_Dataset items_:

—————

(* For every $k\in\mathbb Z$, the $q$-dimension of the charge-$k$ subspace of $\mathcal F^{-1}$ (which is the irreducible $\widehat{\mathfrak{gl}}_\infty$-module of level $-1$ attached to $k$) is $$\mathsf Q^{(k)}_{-1}(q):=\mathrm{tr}_{\mathcal F^{-1}_{(k)}}q^{L_0}=\frac{1}{(q)_\infty^2}\sum_{m\ge0}(-1)^mq^{\frac12m(m+1)+|k|(m+\frac12)}.$$
   Context: Let $\mathcal F^{-1}$ be the bosonic Fock space generated from a vacuum by commuting creation operators $\gamma^+_{-r},\gamma^-_{-r}$, $r\in\frac12+\mathbb Z_{\ge0}$, with basis the monomials $\gamma^+_{-r_1}\cdots\gamma^+_{-r_a}\gamma^-_{-s_1}\cdots\gamma^-_{-s_b}|0\rangle$ ($r_1\ge\cdots\ge r_a>0$, $s_1\ge\cdots\ge s_b>0$ in $\frac12+\mathbb Z$). $L_0$ acts on such a monomial by $\sum r_i+\sum s_j$; $\mathcal F^{-1}_{(k)}$ is the span of monomials with $a-b=k$. $(q)_\infty=\prod_{i\ge1}(1-q^i)$. *)

(* Formal power series in t := q^(1/2) are handled
   coefficientwise; all q-exponents below are doubled (t-exponents). *)
From HB Require Import structures.
From mathcomp Require Import all_boot all_order all_algebra.
Set Implicit Arguments. Unset Strict Implicit. Unset Printing Implicit Defensive.
Import Order.TTheory GRing.Theory Num.Theory.

(* A basis monomial  g+_{-r_1}...g+_{-r_a} g-_{-s_1}...g-_{-s_b}|0>  of
   doubled weight 2 L_0 = n is encoded by its two multiplicity functions:
   fp i (resp. fm i) = number of occurrences of the mode r = i/2 (i odd)
   among the r's (resp. s's).  Since every doubled mode i is >= 1 and the
   total doubled weight is n, only modes i <= n and multiplicities <= n occur,
   so the ordinals 'I_n.+1 capture all such monomials. *)
Definition fock_monomial (k : int) (n : nat)
  (fp fm : {ffun 'I_n.+1 -> 'I_n.+1}) : bool :=
  [&& [forall i : 'I_n.+1, ~~ odd i ==> (fp i == 0 :> nat)],
      [forall i : 'I_n.+1, ~~ odd i ==> (fm i == 0 :> nat)],
      (\sum_(i < n.+1) i * fp i + \sum_(i < n.+1) i * fm i == n)%N &
      (Posz (\sum_(i < n.+1) (fp i : nat)) - Posz (\sum_(i < n.+1) (fm i : nat)) == k)%R].

(* Coefficient of t^n = q^(n/2) in tr_{F^{-1}_(k)} q^{L_0}:
   the dimension of the L_0 = n/2 eigenspace of the charge-k subspace. *)
Definition trace_coef (k : int) (n : nat) : nat :=
  #|[set p : {ffun 'I_n.+1 -> 'I_n.+1} * {ffun 'I_n.+1 -> 'I_n.+1}
       | fock_monomial k p.1 p.2]|.

(* Truncation (exact up to t-degree n) of
   1/(q)_oo^2 = prod_{i>=1} (sum_{j>=0} q^(i j))^2, with q = t^2. *)
Definition inv_poch2_trunc (n : nat) : {poly int} :=
  (\prod_(1 <= i < n.+1) (\sum_(j < n.+1) 'X^(2 * i * j)) ^+ 2)%R.

(* Truncation (exact up to t-degree n) of
   sum_{m>=0} (-1)^m q^(m(m+1)/2 + |k|(m+1/2)), with q = t^2. *)
Definition theta_trunc (k : int) (n : nat) : {poly int} :=
  (\sum_(m < n.+1) (-1) ^+ m *: 'X^(m * m.+1 + `|k|%N * (2 * m).+1))%R.

(* Everything is computed in the variable t = q^(1/2) and modulo t^N, N = n + 1,
   where the theorem compares the coefficients of t^n.

   Working with polynomials modulo t^N ([agree]), we prove
      Euler's two identities 1/(q^c;q)_oo = sum_b q^(c b)/(q;q)_b and
      (q^c;q)_oo = sum_j (-1)^j q^(j(j-1)/2 + c j)/(q;q)_j by descending
      induction on c, and derive from them the key identity
        (q;q)_oo^2 sum_b q^(b + K/2) / ((q;q)_(b+K) (q;q)_b) = theta_K(q).
   2. Partitions into odd parts.  The generating function
      H(z) = prod_(r odd) 1/(1 - z t^r) satisfies H(z) (1 - z t) = H(q z),
      whence its z^a coefficient is h_a = t^a/(q;q)_a.
   3. Counting.  A basis monomial of F^{-1} is a pair of partitions into odd
      parts (the doubled modes of the two kinds of creation operators), so the
      charge-k trace is sum_(a - b = k) h_a h_b = sum_b h_(b+K) h_b, K = |k|;
      by part 2 this is the series of part 1, which gives the theorem. *)
From HB Require Import structures.
From mathcomp Require Import all_boot all_order all_algebra.
From mathcomp Require Import zify ring.
Set Implicit Arguments. Unset Strict Implicit. Unset Printing Implicit Defensive.
Import Order.TTheory GRing.Theory Num.Theory.
Local Open Scope ring_scope.

Section Agreement.
Variables (R : nzRingType) (N : nat).

(* Identities of formal power series are proved for their
   truncations up to this relation, which is a congruence for + and *. *)
Definition agree (p q : {poly R}) := forall i, (i < N)%N -> p`_i = q`_i.

Lemma agree_refl p : agree p p.
Proof. by []. Qed.

Lemma agree_sym p q : agree p q -> agree q p.
Proof. by move=> hpq i hi; rewrite hpq. Qed.

Lemma agree_trans p q r : agree p q -> agree q r -> agree p r.
Proof. by move=> hpq hqr i hi; rewrite hpq ?hqr. Qed.

Lemma agreeD p1 p2 q1 q2 : agree p1 p2 -> agree q1 q2 -> agree (p1 + q1) (p2 + q2).
Proof. by move=> hp hq i hi; rewrite !coefD hp ?hq. Qed.

Lemma agreeN p1 p2 : agree p1 p2 -> agree (- p1) (- p2).
Proof. by move=> hp i hi; rewrite !coefN hp. Qed.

—————

_Your assignment_: Reproduce the lines of the entries above from the one with "doubled weight 2" to the one with "(\sum_(i < n.+1) i", both included, exactly and without any other line.

_Solution for this exercise_:
   doubled weight 2 L_0 = n is encoded by its two multiplicity functions:
   fp i (resp. fm i) = number of occurrences of the mode r = i/2 (i odd)
   among the r's (resp. s's).  Since every doubled mode i is >= 1 and the
   total doubled weight is n, only modes i <= n and multiplicities <= n occur,
   so the ordinals 'I_n.+1 capture all such monomials. *)
Definition fock_monomial (k : int) (n : nat)
  (fp fm : {ffun 'I_n.+1 -> 'I_n.+1}) : bool :=
  [&& [forall i : 'I_n.+1, ~~ odd i ==> (fp i == 0 :> nat)],
      [forall i : 'I_n.+1, ~~ odd i ==> (fm i == 0 :> nat)],
      (\sum_(i < n.+1) i * fp i + \sum_(i < n.+1) i * fm i == n)%N &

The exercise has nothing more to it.